Robert Wright and Robert Pollack once had an exchange about this that stuck with me:
"Robert Pollack: No but no but that this is what makes religion so
difficult to talk about as a scientist. These things are valuable
conversations but they will not stop me from praying tomorrow and when I
pray I will not I will not have proof that I'm I'm not wasting my time
but I will bet that way and in so doing if Dawkins says I'm following
another kind of (()) trap so be it. I don't feel that way. I accept the
threat that the failure to feel that way is the victory of that mean but
I'll bet this way and I'll bet this way partly because I want to and
partly because as a mortal being I have a certain irreducible regard and
respect for my ancestors and for other people's ancestors who have held
to these irrational beliefs. I feel some obligation not to drop that
ball.
Wright: So it's it's to some extent an act of cultural fidelity.
Robert Pollack: Correct.
Wright: Ok.
Robert Pollack: I think I think it has to be Robert because because a
religion of one is not a religion. I think all religions grow as
social... they are if they emerge nomadically the emerge from societies
they don't they are stimulated by individual revelation but religious
structures that last through time are cultural artifacts that last by
shared teaching parent-teacher by vertical transmission as well as
horizontal transmission and and so I'm the recipient of all of those.
Look I guess another way to put it is as we are all in our genomes the
carriers of thousands of dead sequences that get into the germ line and
therefore must be replicated in our species so also probably culturally
where the transmitters are thousands of dead ideas that we're stuck with
and it's my bet that this ideas not dead. That's the only difference I
have with Dawkins."
I think that, in the end, my own approach to God helps make sense of this sense of connection with the past, with the past itself having some transcendent meaning and/or value. For to me God is, in part, the repository of all past experience. If God 'remembers' everything we are, and that which is of value in the world, both from an objective and subjective perspective, is retained in the mind or life of God, then through our relationship with God, we have a relationship with that past. That which illuminates life, really is that which came before, for God's eternally growing self is the eternal retention of all that happens that is right and good in the world. It is God's role as immortalizer, that makes all of this make sense.
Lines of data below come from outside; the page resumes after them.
Lemma C'set_chartC' s : C'set (param chartC' s).
Proof.
rewrite /C'set /Xset /nondeg !crd_param //= !horner_chart sqr_i2.
by do !split; rewrite ?oner_eq0 /= ?orbT //; ring.
Qed.

Lemma C'set_chartC'_inf s : C'set (param chartC'_inf s).
Proof.
rewrite /C'set /Xset /nondeg !crd_param //= !horner_chart sqr_i2.
by do !split; rewrite ?oner_eq0 /= ?orbT //; ring.
Qed.

Lemma C'set_charts v :
  C'set v -> (exists s, peq (param chartC' s) v) \/ peq (param chartC'_inf 0) v.
Proof.
move=> [[[n1 n2 n3] e1 e2 e3] zx ty]; rewrite -zx ty in e2 n3 e3.
have w2 : crd v 8 ^+ 2 = - 4 * (crd v 4 * crd v 5).
  by apply/eqP; rewrite -subr_eq0 -e3; apply/eqP; ring.
have [y0|y0] := eqVneq (crd v 5) 0.
- right; have w0 : crd v 8 = 0.
    by apply/eqP; move: w2; rewrite y0 !mulr0 => /eqP; rewrite expf_eq0.
  have x0 : crd v 4 != 0 by apply: contraTneq n3 => x0; rewrite x0 y0 w0 eqxx.
  have u10 : crd v 0 = 0 by apply: (mulIf x0); rewrite e1 y0 !mul0r mulr0.
  have u20 : crd v 2 = 0 by apply: (mulIf x0); rewrite e2 y0 !mul0r mulr0.
  have v1 : crd v 1 != 0 by move: n1; rewrite u10 eqxx.
  have v2 : crd v 3 != 0 by move: n2; rewrite u20 eqxx.
  apply: (peq_intro v1 v2 x0); rewrite /chartC'_inf !crd_param //= !horner_chart;
    by rewrite ?u10 ?u20 -?zx ?ty ?y0 ?w0 ?expr0n /=; ring.
- left; have u1 : crd v 0 != 0.
    apply: contraTneq n1 => u10; have v10 : crd v 1 = 0.
      by apply: (mulIf y0); rewrite -e1 u10 !mul0r.
    by rewrite u10 v10 eqxx.
  have u2 : crd v 2 != 0.
    apply: contraTneq n2 => u20; have v20 : crd v 3 = 0.
      by apply: (mulIf y0); rewrite -e2 u20 !mul0r.
    by rewrite u20 v20 eqxx.
  pose s := crd v 8 / ('i * 2 * crd v 5).
  have s2 : s ^+ 2 = crd v 4 / crd v 5.
    by rewrite expr_div_n w2 sqr_i2; field.
  exists s; apply: (peq_intro u1 u2 y0);
    rewrite /chartC' !crd_param //= !horner_chart ?s2.
  + by rewrite mulr1.
  + by rewrite mulrA e1 mulfK.
  + by rewrite mulr1.
  + by rewrite mulrA e2 mulfK.
  + by field.
  + by rewrite mulr1.
  + by rewrite -zx; field.
  + by rewrite mulr1 ty.
  + by rewrite /s; field; rewrite y0 neq0Ci.
Qed.
(** * Growth of the number of codes *)

Lemma nat_above (r : R) : exists n : nat, r <= INR n.
Proof.
  destruct (archimed r) as [Hup _]. exists (Z.to_nat (up r)).
  destruct (Z.le_gt_cases 0 (up r)).
  - rewrite INR_IZR_INZ, Z2Nat.id by lia. lra.
  - assert (IZR (up r) <= 0) by (apply IZR_le; lia). pose proof (pos_INR (Z.to_nat (up r))). lra.
Qed.

Lemma scale_above (delta : R) : 0 < delta -> exists D : nat, (1 <= D)%nat /\ 36 <= INR D * delta.
Proof.
  intros Hdelta. destruct (nat_above (36 / delta)) as [D HD]. exists (S D). split; [lia|].
  rewrite S_INR. assert (36 / delta * delta = 36) by (field; lra). nra.
Qed.

Lemma third_pow_le_inv (M : nat) : (/ 3) ^ M <= / (INR M + 1).
Proof.
  induction M as [|M IH]; [simpl; lra|].
  rewrite S_INR. simpl. pose proof (pos_INR M).
  apply Rle_trans with (/ 3 * / (INR M + 1)); [apply Rmult_le_compat_l; lra|].
  rewrite <- Rinv_mult. apply Rinv_le_contravar; nra.
Qed.

Lemma third_pow_le_eps (eps : R) : 0 < eps -> exists M : nat, (/ 3) ^ S M <= eps.
Proof.
  intros Heps. destruct (nat_above (/ eps)) as [M HM]. exists M.
  pose proof (third_pow_le_inv M).
  pose proof (third_pow_antitone (S M) M ltac:(lia)).
  assert (/ (INR M + 1) <= eps).
  { rewrite <- (Rinv_inv eps). apply Rinv_le_contravar; [apply Rinv_0_lt_compat|]; lra. }
  lra.
Qed.

Lemma exp_le_mono (x y : R) : x <= y -> exp x <= exp y.
Proof. intros [H| ->]; [left; apply exp_increasing|]; lra. Qed.

Lemma ln_le_mono (x y : R) : 0 < x -> x <= y -> ln x <= ln y.
Proof. intros H [H1| ->]; [left; apply ln_increasing|]; lra. Qed.

Lemma ln_4_le_2 : ln 4 <= 2.
Proof.
  assert (4 <= exp 2).
  { replace 2 with (1 + 1) by lra. rewrite exp_plus. pose proof (exp_ineq1 1 ltac:(lra)). nra. }
  rewrite <- (ln_exp 2). apply ln_le_mono; lra.
Qed.

(* [l^3 <= 27 X] comes from [exp (l / 3) >= l / 3] with [l = ln X]. *)
Lemma ln_sq_le (eps X : R) : 0 < eps -> exp (27 / eps) <= X -> ln X ^ 2 <= eps * X.
Proof.
  intros He HX. assert (HX0 : 0 < X) by (pose proof (exp_pos (27 / eps)); lra).
  set (l := ln X).
  assert (Hl : 27 / eps <= l).
  { unfold l. rewrite <- (ln_exp (27 / eps)). apply ln_le_mono; auto. apply exp_pos. }
  assert (Hlpos : 0 < l) by (assert (0 < 27 / eps) by (apply Rdiv_lt_0_compat; lra); lra).
  assert (Hcube : l ^ 3 <= 27 * X).
  { assert (HXe : X = exp (l / 3) * exp (l / 3) * exp (l / 3)).
    { unfold l. rewrite <- !exp_plus.
      replace (ln X / 3 + ln X / 3 + ln X / 3) with (ln X) by lra. rewrite exp_ln; auto. }
    pose proof (exp_ineq1 (l / 3) ltac:(lra)).
    assert ((l / 3) * (l / 3) <= exp (l / 3) * exp (l / 3)) by (apply Rmult_le_compat; lra).
    assert ((l / 3) * (l / 3) * (l / 3) <= exp (l / 3) * exp (l / 3) * exp (l / 3))
      by (apply Rmult_le_compat; nra).
    rewrite HXe. simpl. nra. }
  assert (eps * l >= 27).
  { apply Rle_ge. apply (Rmult_le_reg_r (/ eps)); [apply Rinv_0_lt_compat; auto|].
    replace (eps * l * / eps) with l by (field; lra). lra. }
  simpl in *. nra.
Qed.

Lemma log2_le_ln (N : nat) : (1 <= N)%nat -> INR (Nat.log2 N) <= 2 * ln (INR N + 1).
Proof.
  intros HN. pose proof (Nat.log2_spec N ltac:(lia)) as [Hlow _].
  apply le_INR in Hlow. rewrite pow_INR in Hlow. replace (INR 2) with 2 in Hlow by reflexivity.
  assert (ln (2 ^ Nat.log2 N) <= ln (INR N + 1)) by (apply ln_le_mono; [apply pow_lt|]; lra).
  rewrite ln_pow in H by lra. pose proof ln_lt_2. pose proof (pos_INR (Nat.log2 N)). nra.
Qed.

(* The logarithm of the number of codes is [O (log^2 n) + 8 ln 3 n / D + O (1)]. *)
Lemma code_count_subexponential (delta : R) (M D : nat) : 0 < delta -> 36 <= INR D * delta ->
  exists N0 : nat, forall n : nat, (N0 <= n)%nat ->
    INR (4 * (S (n + M) ^ (5 * (Nat.log2 (n + M) + 2)) * 3 ^ (2 * (n / D + M) + 1)) ^ 4)
      <= exp (delta * INR n).
Proof.
  intros Hdelta HD. set (eps := delta / 640). set (C := 50 + 16 * INR M).
  destruct (nat_above (exp (27 / eps))) as [n1 Hn1].
  destruct (nat_above (4 * C / delta)) as [n2 Hn2].
  exists (Nat.max (M + 1) (Nat.max n1 n2)). intros n Hn.
  set (N := (n + M)%nat). set (Ly := (5 * (Nat.log2 N + 2))%nat).
  set (Lz := (2 * (n / D + M) + 1)%nat). set (X := INR (S N)).
  assert (HX : X = INR n + INR M + 1) by (unfold X, N; rewrite S_INR, plus_INR; lra).
  assert (Hcount : INR (4 * (S N ^ Ly * 3 ^ Lz) ^ 4) = 4 * (X ^ Ly * 3 ^ Lz) ^ 4).
  { rewrite !mult_INR, !pow_INR, mult_INR, !pow_INR.
    replace (INR 4) with 4 by (simpl; lra). replace (INR 3) with 3 by (simpl; lra).
    reflexivity. }
  assert (HX1 : 1 <= X) by (pose proof (pos_INR n); pose proof (pos_INR M); lra).
  assert (Hpos : 0 < 4 * (X ^ Ly * 3 ^ Lz) ^ 4)
    by (apply Rmult_lt_0_compat; [lra|apply pow_lt, Rmult_lt_0_compat; apply pow_lt; lra]).
  rewrite Hcount, <- (exp_ln _ Hpos). apply exp_le_mono.
  rewrite ln_mult, ln_pow, ln_mult, !ln_pow
    by (repeat (apply Rmult_lt_0_compat || apply pow_lt); lra).
  set (l := ln X).
  assert (Hl0 : 0 <= l) by (unfold l; rewrite <- ln_1; apply ln_le_mono; lra).
  assert (Hlog : INR (Nat.log2 N) <= 2 * l)
    by (unfold l, X; rewrite S_INR; apply log2_le_ln; unfold N; lia).
  assert (Hsq : l ^ 2 <= eps * X).
  { apply ln_sq_le; [unfold eps; lra|]. rewrite HX. pose proof (pos_INR M).
    assert (INR n1 <= INR n) by (apply le_INR; lia). lra. }
  assert (HnM : INR M + 1 <= INR n)
    by (rewrite <- S_INR; apply le_INR; lia).
  assert (HCn : C <= delta * INR n / 4).
  { assert (INR n2 <= INR n) by (apply le_INR; lia).
    assert (4 * C / delta * delta = 4 * C) by (field; lra). nra. }
  assert (HnD : INR (n / D) * INR D <= INR n)
    by (rewrite <- mult_INR; apply le_INR; rewrite Nat.mul_comm; apply Nat.Div0.mul_div_le).
  assert (Hln3 : 0 <= ln 3 <= 2).
  { split; [rewrite <- ln_1; apply ln_le_mono; lra|].
    pose proof ln_4_le_2. assert (ln 3 <= ln 4) by (apply ln_le_mono; lra). lra. }
  pose proof ln_4_le_2. pose proof (pos_INR (n / D)).
  assert (HLy : INR Ly = 5 * (INR (Nat.log2 N) + 2))
    by (unfold Ly; rewrite mult_INR, plus_INR; simpl; lra).
  assert (HLz : INR Lz = 2 * (INR (n / D) + INR M) + 1)
    by (unfold Lz; rewrite plus_INR, mult_INR, plus_INR; simpl; lra).
  rewrite HLy, HLz. replace (INR 4) with 4 by (simpl; lra). unfold C, eps in *.
  assert (Hquad : 4 * (5 * (INR (Nat.log2 N) + 2)) * l <= 80 * l ^ 2 + 40).
  { assert (INR (Nat.log2 N) * l <= 2 * l * l) by (apply Rmult_le_compat_r; lra).
    pose proof (pow2_ge_0 (l - 1)). simpl. nra. }
  assert (Hlin : 4 * ((2 * (INR (n / D) + INR M) + 1) * ln 3)
                 <= 16 * INR (n / D) + 16 * INR M + 8).
  { pose proof (pos_INR M).
    assert ((2 * (INR (n / D) + INR M) + 1) * ln 3 <= (2 * (INR (n / D) + INR M) + 1) * 2)
      by (apply Rmult_le_compat_l; lra).
    lra. }
  assert (Hsq' : 80 * l ^ 2 <= delta * INR n / 4) by (rewrite HX in Hsq; nra).
  assert (HnD' : 16 * INR (n / D) <= delta * INR n / 2) by nra.
  nra.
Qed.

Theorem mainTheorem9 (tau : nat -> R) (q : nat -> nat)
  (Htau_pos : forall n : nat, 0 < tau n)
  (Htau_mono : forall m n : nat, (m <= n)%nat -> tau n <= tau m)
  (Htau_lim : Un_cv tau 0)
  (Hq1 : (2 <= q 1%nat)%nat)
  (Hq_incr : forall k : nat, (1 <= k)%nat -> (q k < q (k + 1))%nat)
  (Hq_i : forall k : nat, (1 <= k)%nat ->
            (q k ^ 4 + 3 * q k < q (k + 1))%nat)
  (Hq_ii : forall k : nat, (1 <= k)%nat ->
            tau ((q (k + 1) + 2) / 3)%nat < / (16 * INR (q k))) :
  zero_topological_entropy (Xset q) dSt That.
Proof.
  intros eps delta Heps Hdelta.
  assert (Hscales : forall i, (i < 4)%nat -> block_scales (qi q i))
    by (intros; apply qi_block_scales; auto).
  destruct (third_pow_le_eps eps Heps) as [M HM].
  destruct (scale_above delta Hdelta) as [D [HD1 HD]].
  destruct (code_count_subexponential delta M D Hdelta HD) as [N0 HN0].
  set (K := (2 * D)%nat).
  set (Lmax := (max_block_len (qi q 0) K + max_block_len (qi q 1) K +
                max_block_len (qi q 2) K + max_block_len (qi q 3) K)%nat).
  exists (Nat.max N0 (Nat.max (D * Lmax) K)). intros n Hn E HE.
  assert (Hbudget : forall i, (i < 4)%nat ->
            (Nat.max (max_block_len (qi q i) K) (n / qi q i K + 1) <= n / D)%nat).
  { intros i Hi. apply max_block_len_budget; auto; [|unfold K in Hn; lia].
    assert (max_block_len (qi q i) K <= Lmax)%nat
      by (unfold Lmax; destruct i as [|[|[|[|]]]]; lia).
    fold K. nia. }
  set (codes := state_codes (n + M) (5 * (Nat.log2 (n + M) + 2)) (2 * (n / D + M) + 1)).
  apply Rle_trans with (INR (length codes)).
  - apply le_INR, (separated_set_length_le (Xset q) dSt That n eps codes
                                            (state_coded_by n M (n / D)) E);
      auto.
    + intros s Hs. apply (Xset_coded q n M K (n / D)); auto; unfold K in *; lia.
    + intros s s' c. apply state_coded_not_separated, HM.
  - unfold codes. rewrite state_codes_length. apply HN0. lia.
Qed.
For truly, the most important part of anyone's life is their own internal subjective experience. It is the moment of being me, doing this thing, feeling this way, that really has value. I care less about my own memory of someone than that they remember me. And our seeking to connect with the past through story and art is really an attempt to grab onto, however dimly, that subjective experience which seems to, from our own earthly perspective, fall into nothingness.
If God remembers all I was and am, then my own subjectivity does not actually pass that way. It passes into eternity, and eternity is not some inert memory bank, but a living God, who stands with us, walks along side us, and through that experience we share, here and now, with all that came before. Our own memory is thus a sacrament, pointing to something deeper and more cosmic. As someone who thinks all phenomenal conscious experience is such a sacrament, that makes a lot of sense to me.
I end with a Christological reflection. For Jesus to me reveals and makes clear this Divine reality. Jesus shows us a God upon whom all of reality is 'impressed'. Every good, every bad, does not fade away, but finds expression in the very self of God. If the moment is divinized, then illumination of what is, always comes from what once was.